▸ **DATA TO USE**
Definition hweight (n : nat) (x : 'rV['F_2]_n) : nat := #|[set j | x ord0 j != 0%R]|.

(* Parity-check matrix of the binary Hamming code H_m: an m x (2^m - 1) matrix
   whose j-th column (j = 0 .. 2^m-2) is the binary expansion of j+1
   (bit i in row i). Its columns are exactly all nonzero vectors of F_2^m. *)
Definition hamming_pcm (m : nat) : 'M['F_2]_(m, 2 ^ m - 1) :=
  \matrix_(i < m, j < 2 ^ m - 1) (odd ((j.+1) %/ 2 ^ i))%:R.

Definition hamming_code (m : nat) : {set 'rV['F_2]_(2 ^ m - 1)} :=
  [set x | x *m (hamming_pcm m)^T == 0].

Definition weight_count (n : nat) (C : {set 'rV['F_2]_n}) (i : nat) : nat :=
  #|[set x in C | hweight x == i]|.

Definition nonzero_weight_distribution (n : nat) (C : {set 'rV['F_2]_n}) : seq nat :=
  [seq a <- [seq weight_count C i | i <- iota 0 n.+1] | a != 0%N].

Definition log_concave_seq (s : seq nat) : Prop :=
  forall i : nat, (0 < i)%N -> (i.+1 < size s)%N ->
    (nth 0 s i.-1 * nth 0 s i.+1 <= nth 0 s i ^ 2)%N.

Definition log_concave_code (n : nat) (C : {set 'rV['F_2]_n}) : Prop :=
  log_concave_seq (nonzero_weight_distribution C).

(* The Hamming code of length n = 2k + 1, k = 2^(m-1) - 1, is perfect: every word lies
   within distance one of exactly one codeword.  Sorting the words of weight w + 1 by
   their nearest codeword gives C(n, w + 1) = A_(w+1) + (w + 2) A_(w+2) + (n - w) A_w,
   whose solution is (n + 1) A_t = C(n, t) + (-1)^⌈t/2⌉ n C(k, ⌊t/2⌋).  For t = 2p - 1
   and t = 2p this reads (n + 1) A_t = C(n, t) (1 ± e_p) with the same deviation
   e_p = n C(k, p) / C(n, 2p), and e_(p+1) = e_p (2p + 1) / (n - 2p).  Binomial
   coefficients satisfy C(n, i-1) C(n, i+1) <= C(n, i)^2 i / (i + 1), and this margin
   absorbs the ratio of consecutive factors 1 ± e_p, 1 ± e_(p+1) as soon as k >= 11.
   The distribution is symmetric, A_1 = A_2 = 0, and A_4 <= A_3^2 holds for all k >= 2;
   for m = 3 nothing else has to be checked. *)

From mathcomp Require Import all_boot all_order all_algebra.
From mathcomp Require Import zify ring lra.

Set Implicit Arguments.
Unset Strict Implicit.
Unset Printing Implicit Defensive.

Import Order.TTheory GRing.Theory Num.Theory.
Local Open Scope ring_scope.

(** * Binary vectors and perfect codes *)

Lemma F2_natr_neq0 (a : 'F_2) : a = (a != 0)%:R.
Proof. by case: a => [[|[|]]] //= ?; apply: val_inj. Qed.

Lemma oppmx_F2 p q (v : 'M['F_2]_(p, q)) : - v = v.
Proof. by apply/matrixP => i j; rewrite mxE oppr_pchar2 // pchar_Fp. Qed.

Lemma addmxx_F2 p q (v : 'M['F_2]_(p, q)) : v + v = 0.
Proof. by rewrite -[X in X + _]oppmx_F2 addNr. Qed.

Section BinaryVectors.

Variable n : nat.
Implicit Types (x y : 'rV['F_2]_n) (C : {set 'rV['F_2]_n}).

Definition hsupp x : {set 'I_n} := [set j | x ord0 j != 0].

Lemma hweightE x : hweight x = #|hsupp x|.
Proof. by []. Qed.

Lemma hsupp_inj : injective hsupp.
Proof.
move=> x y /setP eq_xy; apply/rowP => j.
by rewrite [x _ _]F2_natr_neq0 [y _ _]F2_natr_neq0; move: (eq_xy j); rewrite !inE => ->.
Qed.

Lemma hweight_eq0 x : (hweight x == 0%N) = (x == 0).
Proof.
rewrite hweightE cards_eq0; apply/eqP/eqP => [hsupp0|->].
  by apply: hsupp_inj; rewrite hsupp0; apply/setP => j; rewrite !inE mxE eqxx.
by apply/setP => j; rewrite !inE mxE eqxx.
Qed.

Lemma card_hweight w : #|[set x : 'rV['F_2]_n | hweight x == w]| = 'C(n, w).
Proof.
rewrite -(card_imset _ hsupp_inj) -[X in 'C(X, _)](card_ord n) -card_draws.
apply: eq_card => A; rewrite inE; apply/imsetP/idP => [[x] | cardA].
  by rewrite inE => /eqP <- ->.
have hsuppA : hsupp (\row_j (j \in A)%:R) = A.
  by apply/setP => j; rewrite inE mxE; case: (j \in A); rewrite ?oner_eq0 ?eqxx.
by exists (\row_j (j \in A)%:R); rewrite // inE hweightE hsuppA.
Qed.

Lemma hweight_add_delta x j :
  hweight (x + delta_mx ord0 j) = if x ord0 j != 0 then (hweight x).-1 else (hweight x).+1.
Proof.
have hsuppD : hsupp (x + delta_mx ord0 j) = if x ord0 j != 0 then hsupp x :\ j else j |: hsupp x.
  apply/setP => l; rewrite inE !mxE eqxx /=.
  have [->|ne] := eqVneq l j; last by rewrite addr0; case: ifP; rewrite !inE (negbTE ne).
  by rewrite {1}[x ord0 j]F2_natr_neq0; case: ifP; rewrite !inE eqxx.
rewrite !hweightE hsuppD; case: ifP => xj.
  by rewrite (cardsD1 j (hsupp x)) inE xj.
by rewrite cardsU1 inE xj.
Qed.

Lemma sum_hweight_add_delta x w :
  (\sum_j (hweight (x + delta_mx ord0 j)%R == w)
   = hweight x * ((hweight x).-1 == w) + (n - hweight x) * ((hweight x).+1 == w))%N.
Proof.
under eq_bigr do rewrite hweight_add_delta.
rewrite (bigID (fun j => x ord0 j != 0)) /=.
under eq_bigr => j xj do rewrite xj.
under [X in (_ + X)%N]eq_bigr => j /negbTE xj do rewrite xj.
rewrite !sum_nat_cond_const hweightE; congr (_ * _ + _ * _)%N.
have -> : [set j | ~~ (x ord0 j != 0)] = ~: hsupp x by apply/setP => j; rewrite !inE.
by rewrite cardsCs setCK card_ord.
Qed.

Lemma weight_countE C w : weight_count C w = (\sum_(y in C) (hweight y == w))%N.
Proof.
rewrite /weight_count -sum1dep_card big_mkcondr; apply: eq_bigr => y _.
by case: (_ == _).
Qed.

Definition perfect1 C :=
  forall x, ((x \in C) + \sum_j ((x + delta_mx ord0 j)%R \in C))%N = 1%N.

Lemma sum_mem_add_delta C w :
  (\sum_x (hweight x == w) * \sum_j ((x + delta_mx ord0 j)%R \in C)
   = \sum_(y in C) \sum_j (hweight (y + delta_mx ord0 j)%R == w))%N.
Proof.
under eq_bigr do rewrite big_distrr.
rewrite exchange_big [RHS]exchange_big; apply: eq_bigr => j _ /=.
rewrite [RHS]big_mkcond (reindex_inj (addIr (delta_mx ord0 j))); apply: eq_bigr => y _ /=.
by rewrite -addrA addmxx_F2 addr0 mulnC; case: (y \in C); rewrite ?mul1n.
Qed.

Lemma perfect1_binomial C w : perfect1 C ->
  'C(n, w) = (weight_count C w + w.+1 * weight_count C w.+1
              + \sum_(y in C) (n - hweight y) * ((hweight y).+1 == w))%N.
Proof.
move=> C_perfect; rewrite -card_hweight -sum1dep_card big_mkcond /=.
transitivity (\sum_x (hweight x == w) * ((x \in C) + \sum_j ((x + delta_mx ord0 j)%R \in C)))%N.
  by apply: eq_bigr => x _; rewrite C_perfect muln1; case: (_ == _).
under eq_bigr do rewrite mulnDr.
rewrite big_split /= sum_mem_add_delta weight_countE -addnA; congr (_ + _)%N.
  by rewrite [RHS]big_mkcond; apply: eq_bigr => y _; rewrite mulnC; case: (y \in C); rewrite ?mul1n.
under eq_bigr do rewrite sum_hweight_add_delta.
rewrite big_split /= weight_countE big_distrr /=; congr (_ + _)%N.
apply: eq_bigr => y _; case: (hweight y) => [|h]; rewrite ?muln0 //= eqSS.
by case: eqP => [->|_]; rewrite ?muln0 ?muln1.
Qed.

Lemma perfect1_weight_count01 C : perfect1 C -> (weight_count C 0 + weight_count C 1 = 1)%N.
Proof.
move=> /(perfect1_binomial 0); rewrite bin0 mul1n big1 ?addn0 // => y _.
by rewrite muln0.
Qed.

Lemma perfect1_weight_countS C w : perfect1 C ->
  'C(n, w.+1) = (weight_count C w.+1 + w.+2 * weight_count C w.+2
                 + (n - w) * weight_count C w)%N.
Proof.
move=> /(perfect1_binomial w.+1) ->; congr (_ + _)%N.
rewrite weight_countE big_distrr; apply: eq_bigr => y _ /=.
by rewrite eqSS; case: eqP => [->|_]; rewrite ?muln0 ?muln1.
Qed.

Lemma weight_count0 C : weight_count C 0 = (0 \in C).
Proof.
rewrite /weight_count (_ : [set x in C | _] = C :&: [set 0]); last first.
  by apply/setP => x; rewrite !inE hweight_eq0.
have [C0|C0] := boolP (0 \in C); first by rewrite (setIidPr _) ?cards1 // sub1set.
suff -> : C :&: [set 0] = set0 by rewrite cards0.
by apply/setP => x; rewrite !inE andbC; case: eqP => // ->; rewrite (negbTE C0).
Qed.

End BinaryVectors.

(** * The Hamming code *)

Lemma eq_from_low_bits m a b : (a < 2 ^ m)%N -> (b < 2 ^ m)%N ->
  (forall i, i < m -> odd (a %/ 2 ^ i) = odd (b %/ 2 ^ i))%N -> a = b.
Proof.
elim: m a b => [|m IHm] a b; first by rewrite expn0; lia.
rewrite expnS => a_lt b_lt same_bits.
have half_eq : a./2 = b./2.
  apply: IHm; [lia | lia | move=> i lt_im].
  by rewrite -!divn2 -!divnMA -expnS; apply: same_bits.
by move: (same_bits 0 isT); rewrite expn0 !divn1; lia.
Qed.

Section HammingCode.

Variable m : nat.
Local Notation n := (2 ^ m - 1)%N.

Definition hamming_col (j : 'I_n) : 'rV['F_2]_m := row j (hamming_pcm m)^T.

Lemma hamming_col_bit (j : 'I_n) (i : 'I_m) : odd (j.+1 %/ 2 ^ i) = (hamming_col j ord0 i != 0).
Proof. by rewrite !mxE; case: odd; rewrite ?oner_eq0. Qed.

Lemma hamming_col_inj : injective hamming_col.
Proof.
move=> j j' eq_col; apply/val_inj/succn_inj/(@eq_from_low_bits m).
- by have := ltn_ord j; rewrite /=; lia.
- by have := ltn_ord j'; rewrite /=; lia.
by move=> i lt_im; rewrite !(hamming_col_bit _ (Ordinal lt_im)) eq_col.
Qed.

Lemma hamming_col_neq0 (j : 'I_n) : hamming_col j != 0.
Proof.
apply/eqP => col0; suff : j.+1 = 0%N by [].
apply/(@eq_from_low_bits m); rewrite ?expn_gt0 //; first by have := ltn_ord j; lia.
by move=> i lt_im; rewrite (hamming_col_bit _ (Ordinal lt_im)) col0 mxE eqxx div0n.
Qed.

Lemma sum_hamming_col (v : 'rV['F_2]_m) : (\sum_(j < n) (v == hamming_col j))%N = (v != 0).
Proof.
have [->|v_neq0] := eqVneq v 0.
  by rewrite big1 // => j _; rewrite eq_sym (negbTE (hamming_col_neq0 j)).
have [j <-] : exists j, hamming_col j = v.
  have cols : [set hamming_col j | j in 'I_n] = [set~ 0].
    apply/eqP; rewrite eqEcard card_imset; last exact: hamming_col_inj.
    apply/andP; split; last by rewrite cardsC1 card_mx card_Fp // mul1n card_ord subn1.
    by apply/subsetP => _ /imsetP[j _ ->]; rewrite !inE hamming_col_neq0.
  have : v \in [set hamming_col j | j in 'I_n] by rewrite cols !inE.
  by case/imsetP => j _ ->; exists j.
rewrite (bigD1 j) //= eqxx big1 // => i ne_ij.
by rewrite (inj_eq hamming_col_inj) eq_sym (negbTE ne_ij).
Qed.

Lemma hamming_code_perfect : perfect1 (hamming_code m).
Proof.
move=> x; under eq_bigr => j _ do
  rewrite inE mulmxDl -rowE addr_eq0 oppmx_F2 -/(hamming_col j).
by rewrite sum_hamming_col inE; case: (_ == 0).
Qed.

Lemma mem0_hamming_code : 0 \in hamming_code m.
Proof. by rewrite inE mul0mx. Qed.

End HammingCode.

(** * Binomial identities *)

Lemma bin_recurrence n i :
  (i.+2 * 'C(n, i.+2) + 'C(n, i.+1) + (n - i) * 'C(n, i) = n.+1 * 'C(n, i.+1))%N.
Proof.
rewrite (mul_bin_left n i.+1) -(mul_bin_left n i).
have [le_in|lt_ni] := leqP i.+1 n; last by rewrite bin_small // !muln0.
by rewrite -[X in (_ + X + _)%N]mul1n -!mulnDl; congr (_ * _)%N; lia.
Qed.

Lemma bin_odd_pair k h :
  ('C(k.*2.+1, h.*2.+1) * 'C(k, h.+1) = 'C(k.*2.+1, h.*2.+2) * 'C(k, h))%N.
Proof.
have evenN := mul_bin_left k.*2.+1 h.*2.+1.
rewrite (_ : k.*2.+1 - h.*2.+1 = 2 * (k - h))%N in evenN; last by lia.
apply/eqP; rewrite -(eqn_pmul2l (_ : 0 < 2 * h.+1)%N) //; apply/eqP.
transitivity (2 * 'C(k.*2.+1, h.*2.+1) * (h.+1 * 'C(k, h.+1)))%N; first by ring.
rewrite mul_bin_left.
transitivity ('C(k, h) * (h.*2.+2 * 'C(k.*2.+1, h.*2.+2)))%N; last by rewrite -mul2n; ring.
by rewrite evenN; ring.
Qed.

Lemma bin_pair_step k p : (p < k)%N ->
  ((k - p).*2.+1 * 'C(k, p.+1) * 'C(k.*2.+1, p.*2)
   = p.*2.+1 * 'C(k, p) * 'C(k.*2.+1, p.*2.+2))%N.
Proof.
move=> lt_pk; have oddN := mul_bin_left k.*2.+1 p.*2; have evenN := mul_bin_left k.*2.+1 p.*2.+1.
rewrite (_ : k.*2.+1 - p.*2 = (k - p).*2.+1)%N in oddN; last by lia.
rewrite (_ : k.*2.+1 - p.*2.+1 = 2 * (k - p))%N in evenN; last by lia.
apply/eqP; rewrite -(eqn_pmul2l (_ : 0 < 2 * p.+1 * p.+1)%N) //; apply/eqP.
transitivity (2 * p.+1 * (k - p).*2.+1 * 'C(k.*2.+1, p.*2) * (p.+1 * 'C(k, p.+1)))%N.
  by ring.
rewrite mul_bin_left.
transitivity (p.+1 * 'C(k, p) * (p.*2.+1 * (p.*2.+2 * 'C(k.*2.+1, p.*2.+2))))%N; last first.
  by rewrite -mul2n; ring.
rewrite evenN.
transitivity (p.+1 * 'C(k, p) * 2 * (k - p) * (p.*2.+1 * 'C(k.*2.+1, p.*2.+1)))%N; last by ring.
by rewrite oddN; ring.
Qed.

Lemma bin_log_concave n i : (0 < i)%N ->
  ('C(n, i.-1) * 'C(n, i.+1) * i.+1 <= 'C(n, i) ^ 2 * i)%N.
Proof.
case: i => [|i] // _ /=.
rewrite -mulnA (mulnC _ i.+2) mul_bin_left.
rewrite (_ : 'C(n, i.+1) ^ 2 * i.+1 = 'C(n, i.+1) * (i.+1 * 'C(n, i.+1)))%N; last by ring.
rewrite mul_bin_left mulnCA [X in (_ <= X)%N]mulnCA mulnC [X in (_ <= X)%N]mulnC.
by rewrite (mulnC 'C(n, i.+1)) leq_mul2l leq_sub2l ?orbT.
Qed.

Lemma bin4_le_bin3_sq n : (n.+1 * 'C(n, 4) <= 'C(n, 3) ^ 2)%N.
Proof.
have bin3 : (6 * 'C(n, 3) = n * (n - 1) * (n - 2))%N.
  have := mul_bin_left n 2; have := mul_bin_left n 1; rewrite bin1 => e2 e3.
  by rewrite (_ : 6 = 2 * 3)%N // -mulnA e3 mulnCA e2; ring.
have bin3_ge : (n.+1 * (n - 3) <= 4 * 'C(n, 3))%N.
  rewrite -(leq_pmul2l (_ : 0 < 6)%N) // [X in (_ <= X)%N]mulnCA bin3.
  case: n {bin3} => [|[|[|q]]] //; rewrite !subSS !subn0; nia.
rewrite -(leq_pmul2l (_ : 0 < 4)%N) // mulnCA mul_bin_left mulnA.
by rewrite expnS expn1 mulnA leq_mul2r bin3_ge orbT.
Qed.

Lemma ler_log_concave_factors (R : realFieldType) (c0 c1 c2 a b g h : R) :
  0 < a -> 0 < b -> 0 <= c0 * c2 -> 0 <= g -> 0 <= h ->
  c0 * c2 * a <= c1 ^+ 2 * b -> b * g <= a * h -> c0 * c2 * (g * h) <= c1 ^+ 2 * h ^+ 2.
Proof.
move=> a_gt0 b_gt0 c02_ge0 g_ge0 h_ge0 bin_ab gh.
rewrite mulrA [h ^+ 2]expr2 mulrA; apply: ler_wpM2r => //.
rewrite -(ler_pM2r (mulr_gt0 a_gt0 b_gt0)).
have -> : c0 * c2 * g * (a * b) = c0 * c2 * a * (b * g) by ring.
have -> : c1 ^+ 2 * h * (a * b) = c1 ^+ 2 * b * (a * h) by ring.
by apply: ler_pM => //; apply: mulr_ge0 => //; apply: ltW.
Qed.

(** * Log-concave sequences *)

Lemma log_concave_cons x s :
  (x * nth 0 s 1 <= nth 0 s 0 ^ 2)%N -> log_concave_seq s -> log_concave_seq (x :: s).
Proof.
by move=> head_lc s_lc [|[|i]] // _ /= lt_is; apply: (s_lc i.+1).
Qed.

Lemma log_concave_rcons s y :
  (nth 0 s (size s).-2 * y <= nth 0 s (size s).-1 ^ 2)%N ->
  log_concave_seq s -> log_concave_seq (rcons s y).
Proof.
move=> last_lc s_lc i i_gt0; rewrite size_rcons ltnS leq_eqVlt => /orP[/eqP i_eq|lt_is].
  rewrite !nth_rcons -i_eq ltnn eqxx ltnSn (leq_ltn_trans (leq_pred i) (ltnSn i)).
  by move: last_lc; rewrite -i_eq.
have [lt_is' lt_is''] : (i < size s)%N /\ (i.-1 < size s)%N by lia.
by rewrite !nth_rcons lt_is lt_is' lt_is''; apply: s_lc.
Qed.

...

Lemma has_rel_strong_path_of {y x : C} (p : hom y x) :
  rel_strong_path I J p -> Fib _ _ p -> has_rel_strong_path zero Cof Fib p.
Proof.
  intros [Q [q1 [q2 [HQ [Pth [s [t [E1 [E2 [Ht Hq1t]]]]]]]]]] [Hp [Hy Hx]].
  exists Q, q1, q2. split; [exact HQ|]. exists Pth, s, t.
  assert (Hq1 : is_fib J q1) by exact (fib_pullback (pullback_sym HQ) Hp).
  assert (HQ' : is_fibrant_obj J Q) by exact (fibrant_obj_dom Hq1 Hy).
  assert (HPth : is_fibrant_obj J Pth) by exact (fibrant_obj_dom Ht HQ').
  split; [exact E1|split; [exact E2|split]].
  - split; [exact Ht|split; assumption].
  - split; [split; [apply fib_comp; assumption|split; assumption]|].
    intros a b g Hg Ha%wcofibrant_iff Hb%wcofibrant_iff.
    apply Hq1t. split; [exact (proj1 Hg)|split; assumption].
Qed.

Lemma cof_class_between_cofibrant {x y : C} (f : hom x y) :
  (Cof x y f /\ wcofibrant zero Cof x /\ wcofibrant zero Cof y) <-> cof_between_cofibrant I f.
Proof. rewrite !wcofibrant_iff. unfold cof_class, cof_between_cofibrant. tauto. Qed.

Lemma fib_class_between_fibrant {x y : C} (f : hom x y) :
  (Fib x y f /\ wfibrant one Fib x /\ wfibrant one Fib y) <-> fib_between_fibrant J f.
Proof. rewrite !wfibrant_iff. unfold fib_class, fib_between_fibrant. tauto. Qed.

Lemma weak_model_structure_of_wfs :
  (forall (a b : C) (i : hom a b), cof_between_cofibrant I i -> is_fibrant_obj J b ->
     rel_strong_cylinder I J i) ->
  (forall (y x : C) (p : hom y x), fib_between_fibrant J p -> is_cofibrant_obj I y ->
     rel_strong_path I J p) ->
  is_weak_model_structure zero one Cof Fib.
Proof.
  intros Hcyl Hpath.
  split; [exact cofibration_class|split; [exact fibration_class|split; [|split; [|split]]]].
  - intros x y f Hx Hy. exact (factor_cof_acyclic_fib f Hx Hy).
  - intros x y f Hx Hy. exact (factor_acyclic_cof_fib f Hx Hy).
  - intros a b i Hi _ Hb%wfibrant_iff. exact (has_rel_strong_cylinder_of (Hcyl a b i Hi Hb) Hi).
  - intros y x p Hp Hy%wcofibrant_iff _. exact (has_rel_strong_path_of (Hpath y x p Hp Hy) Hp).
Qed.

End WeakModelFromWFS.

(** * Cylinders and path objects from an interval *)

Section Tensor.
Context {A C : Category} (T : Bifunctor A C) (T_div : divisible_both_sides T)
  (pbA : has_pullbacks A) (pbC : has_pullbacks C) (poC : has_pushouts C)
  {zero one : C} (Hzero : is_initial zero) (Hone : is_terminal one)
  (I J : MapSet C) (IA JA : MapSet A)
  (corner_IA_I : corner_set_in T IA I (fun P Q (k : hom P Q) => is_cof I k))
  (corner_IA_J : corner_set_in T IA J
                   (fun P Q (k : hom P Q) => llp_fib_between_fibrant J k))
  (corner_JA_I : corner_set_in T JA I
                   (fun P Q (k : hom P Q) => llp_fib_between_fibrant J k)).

▸ **WHAT IS EXPECTED**
Only the lines from the one containing "(I J : MapSet C) (IA JA : MapSet A)" through the one containing "llp_fib_between_fibrant J k))." are to be retyped, both boundary lines included, with no other material.

▸ **ANSWER AREA**
  (I J : MapSet C) (IA JA : MapSet A)
  (corner_IA_I : corner_set_in T IA I (fun P Q (k : hom P Q) => is_cof I k))
  (corner_IA_J : corner_set_in T IA J
                   (fun P Q (k : hom P Q) => llp_fib_between_fibrant J k))
  (corner_JA_I : corner_set_in T JA I
                   (fun P Q (k : hom P Q) => llp_fib_between_fibrant J k)).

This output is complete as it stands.